Quick Wins (0-3 months)
  • Conduct a high-level LCOE comparison for new build options and identify top 5% highest marginal cost assets for potential retirement.
  • Implement basic energy market analytics to track marginal clearing prices and identify dispatch patterns of your own assets versus competitors.
  • Review existing power purchase agreements (PPAs) for high-cost or inflexible resources.
Medium Term (3-12 months)
  • Develop a detailed, forward-looking cost curve model incorporating fuel price forecasts, carbon costs, and technology cost declines for all assets.
  • Initiate pilot projects for energy storage or demand response to understand their operational costs and grid benefits.
  • Engage in regulatory forums to advocate for market changes that better reflect system costs and value proposition of new technologies.
  • Strengthen procurement strategies for key equipment, diversifying suppliers and negotiating long-term contracts to hedge against 'supply chain vulnerabilities' (ER02).
Long Term (1-3 years)
  • Execute a comprehensive asset transition plan, including planned retirements and significant investments in next-generation technologies and grid modernization.
  • Develop advanced analytics capabilities (AI/ML) for predictive maintenance and optimal dispatch decisions across a diversified portfolio.
  • Lead industry collaborations on new market designs that integrate distributed energy resources and reward grid flexibility.
  • Establish internal R&D or partnerships to drive down costs of emerging technologies relevant to your specific market.
Common Pitfalls
  • Ignoring non-energy costs: Failing to account for grid integration, reliability, and ancillary services in overall system cost.
  • Static analysis: Not updating cost curves dynamically with rapid technological advancements and policy changes.
  • Underestimating regulatory impact: Overlooking how policy mandates (e.g., carbon pricing) fundamentally alter competitive costs.
  • Focusing solely on own assets: Not considering the broader market cost curve set by competitors and diverse technologies.
  • Data scarcity/inaccuracy: Relying on generic LCOE data instead of actual project-specific costs and local market conditions.

Measuring strategic progress

Metric Description Target Benchmark
Levelized Cost of Energy (LCOE) Average total cost of building and operating an electricity-generating asset over its lifetime, divided by total energy output.

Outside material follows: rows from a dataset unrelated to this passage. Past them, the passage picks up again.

Lemma sum_sqr_weights_diff_le :
  N * \sum_j (w j / deg w - wt j / deg wt) ^+ 2
    <= (eps / gamma + eps * C / (gamma * (gamma - eps))) ^+ 2.
Proof.
have d_gt0 := deg_gt0; have dt_gt0 := deg_wt_gt0; have N_ge1 := nat_ge1.
have b_le : 0 <= `|D| <= (N - 1) * eps by rewrite normr_ge0 deg_diff_le.
have dt_ge : deg w - `|D| <= deg wt.
  by have := ler_norm (deg w - deg wt); rewrite distrC; lra.
have diffE j : w j / deg w - wt j / deg wt =
    (w j * D - deg w * (wt j - w j)) / (deg w * deg wt).
  by field; rewrite !gt_eqF.
under eq_bigr do rewrite diffE expr_div_n.
rewrite -mulr_suml mulrA ler_pdivrMr ?exprn_gt0 ?mulr_gt0 //.
apply: le_trans (ler_wpM2l (ler0n _ _) sum_sqr_weight_defect_le) _.
apply: le_trans (weight_defect_poly_le N_ge1 eps_ge0 b_le _ C_gt0) _.
  by rewrite (ltW d_gt0) (le_trans deg_le) // ler_wpM2r ?(ltW C_gt0) // gerBl.
have X_le := weight_defect_root_le N_ge1 eps_ge0 eps_lt_gamma (ltW C_gt0)
  mul_gamma_lt_deg b_le dt_ge.
have X_ge0 : 0 <= deg w * (N * eps - `|D|) + N ^+ 2 * C * eps.
  case/andP: b_le => _ b_le.
  have : (N - 1) * eps <= N * eps by rewrite ler_wpM2r // gerBl.
  by move=> ?; rewrite addr_ge0 ?mulr_ge0 ?subr_ge0 ?sqr_ge0 ?(ltW d_gt0) ?(ltW C_gt0) //; lra.
by rewrite -exprMn ler_sqr ?nnegrE // (le_trans X_ge0 X_le).
Qed.

End NormalizedWeights.

Section LmatRowBound.
Variables (R : realType) (n d : nat) (W Wt : 'M[R]_n) (G Gt : 'M[R]_(n * d)).
Variables (eps eta C gamma : R) (i : 'I_n).
Hypotheses (d_gt0 : (0 < d)%N) (eps_ge0 : 0 <= eps) (eps_lt_gamma : eps < gamma).
Hypotheses (degW_neq0 : forall k, degw W k != 0) (degWt_neq0 : forall k, degw Wt k != 0).
Hypotheses (W_bound : forall j, 0 <= W i j <= C) (Wt_near : forall j, `|Wt i j - W i j| <= eps).
Hypothesis deg_gt : gamma < n%:R^-1 * degw W i.
Hypotheses (eta_ge0 : 0 <= eta) (Gt_near : forall j, frob (block Gt i j - block G i j) <= eta).
Hypothesis Gt_bound : forall j, frob (block Gt i j) <= C.

Local Notation p j := (W i j / degw W i).
Local Notation q j := (Wt i j / degw Wt i).
Local Notation M := (Lmat W G - Lmat Wt Gt).

Lemma frob_block_Lmat_diff_le j : frob (block M i j) <= eta * p j + C * `|p j - q j|.
Proof.
have p_ge0 : 0 <= p j.
  rewrite divr_ge0 ?(ltW (deg_gt0 eps_ge0 eps_lt_gamma deg_gt)) //.
  by case/andP: (W_bound j).
rewrite blockB !block_Lmat //; apply: le_trans (frob_scale_diff_le _ _ _ _) _.
rewrite (ger0_norm p_ge0) [eta * _]mulrC [C * _]mulrC.
by apply: lerD; apply: ler_wpM2l; rewrite ?normr_ge0.
Qed.

Lemma sum_sqr_frob_block_Lmat_diff_le :
  n%:R * \sum_j frob (block M i j) ^+ 2 <=
  (gamma^-1 * C * (eta + eps) + eps / (gamma * (gamma - eps)) * C ^+ 2) ^+ 2.
Proof.
have gamma_gt0 := gamma_gt0 eps_ge0 eps_lt_gamma.
have C_gt0 := C_gt0 eps_ge0 eps_lt_gamma W_bound deg_gt.
set T := eps / gamma + eps * C / (gamma * (gamma - eps)).
have -> : gamma^-1 * C * (eta + eps) + eps / (gamma * (gamma - eps)) * C ^+ 2 =
    eta * (C / gamma) + C * T.
  by rewrite /T; field; rewrite !gt_eqF ?subr_gt0.
have T_ge0 : 0 <= T.
  by rewrite addr_ge0 ?divr_ge0 ?mulr_ge0 ?subr_ge0 ?(ltW eps_lt_gamma) ?(ltW C_gt0) ?(ltW gamma_gt0).
have Cg_ge0 : 0 <= C / gamma by rewrite divr_ge0 ?ltW.
pose u j := eta * p j + C * `|p j - q j|.
have u_le : Num.sqrt n%:R * l2norm u <= eta * (C / gamma) + C * T.
  have p_le : Num.sqrt n%:R * l2norm (fun j => p j) <= C / gamma.
    exact: sqrtr_mul_l2norm_le (ler0n _ _) Cg_ge0
      (sum_sqr_weights_le eps_ge0 eps_lt_gamma W_bound deg_gt).
  have pq_le : Num.sqrt n%:R * l2norm (fun j => p j - q j) <= T.
    exact: sqrtr_mul_l2norm_le (ler0n _ _) T_ge0
      (sum_sqr_weights_diff_le eps_ge0 eps_lt_gamma W_bound Wt_near deg_gt).
  apply: le_trans (ler_wpM2l (sqrtr_ge0 _) (l2normD_le _ _)) _.
  rewrite !l2normZ l2norm_abs (ger0_norm eta_ge0) (gtr0_norm C_gt0) mulrDr.
  rewrite [Num.sqrt _ * (eta * _)]mulrCA [Num.sqrt _ * (C * _)]mulrCA.
  by apply: lerD; apply: ler_wpM2l; rewrite ?(ltW C_gt0).
have sqr_block_le j : frob (block M i j) ^+ 2 <= u j ^+ 2.
  have block_le : frob (block M i j) <= u j := frob_block_Lmat_diff_le j.
  by rewrite ler_sqr // nnegrE ?frob_ge0 // (le_trans (frob_ge0 _) block_le).
apply: le_trans (ler_wpM2l (ler0n _ _) (ler_sum _ (fun j _ => sqr_block_le j))) _.
have lhs_ge0 : 0 <= Num.sqrt n%:R * l2norm u by rewrite mulr_ge0 ?sqrtr_ge0 ?l2norm_ge0.
by rewrite -sqr_sqrtr_mul_l2norm ?ler0n // ler_sqr ?nnegrE // (le_trans lhs_ge0 u_le).
Qed.

End LmatRowBound.

Theorem lemma2p1 (R : realType) (n d : nat) (hn : (1 <= n)%N) (hd : (1 <= d)%N)
  (W Wt : 'M[R]_n) (G Gt : 'M[R]_(n * d)) (eps eta C gamma : R) :
  0 <= eps -> 0 <= eta ->
  (forall i j, `|Wt i j - W i j| <= eps) ->
  (forall i j, frob (block Gt i j - block G i j) <= eta) ->
  0 < C ->
  (forall i j, 0 <= W i j <= C) ->
  (forall i j, frob (block G i j) <= C) ->
  (forall i j, frob (block Gt i j) <= C) ->
  (forall i, gamma < n%:R^-1 * degw W i) ->
  eps < gamma ->
  opnorm (Lmat W G - Lmat Wt Gt)
    <= gamma^-1 * C * (eta + eps) + eps / (gamma * (gamma - eps)) * C ^+ 2.
Proof.
move=> eps_ge0 eta_ge0 Wt_near Gt_near C_gt0 W_bound _ Gt_bound deg_gt eps_lt.
have degW_neq0 i : degw W i != 0 := lt0r_neq0 (deg_gt0 eps_ge0 eps_lt (deg_gt i)).
have degWt_neq0 i : degw Wt i != 0.
  exact: lt0r_neq0 (deg_wt_gt0 eps_ge0 eps_lt (Wt_near i) (deg_gt i)).
apply: le_trans (opnorm_le_frob _ _) _; first by rewrite muln_gt0 hn hd.
apply: frob_le_block_rows => // [|i]; last exact: sum_sqr_frob_block_Lmat_diff_le.
have gap_gt0 : 0 < gamma - eps by rewrite subr_gt0.
have gamma_gt0 : 0 < gamma := le_lt_trans eps_ge0 eps_lt.
apply: addr_ge0; apply: mulr_ge0; rewrite ?sqr_ge0 ?addr_ge0 //.
  by rewrite mulr_ge0 ?invr_ge0 ?ltW.
by rewrite divr_ge0 // ltW // mulr_gt0.
Qed.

Target LCOE for new projects below regional market average; year-over-year reduction in portfolio LCOE.
Marginal Cost of Generation (SRMC) Cost to produce one additional unit of electricity for each generation asset. Achieve dispatch priority for X% of portfolio; minimize out-of-merit order dispatch.
Capacity Factor Ratio of actual energy output over a period to the maximum possible output over that period. Maintain high capacity factors for baseload and mid-merit plants; optimize for intermittency of renewables.
Carbon Intensity per MWh Emissions of CO2 equivalent per megawatt-hour of electricity generated. Year-over-year reduction in carbon intensity aligned with decarbonization targets.
Grid Flexibility Index A composite index measuring the portfolio's ability to ramp up/down, provide ancillary services, and respond to grid needs. Improve index score by X% annually, aligning with increasing renewable penetration targets.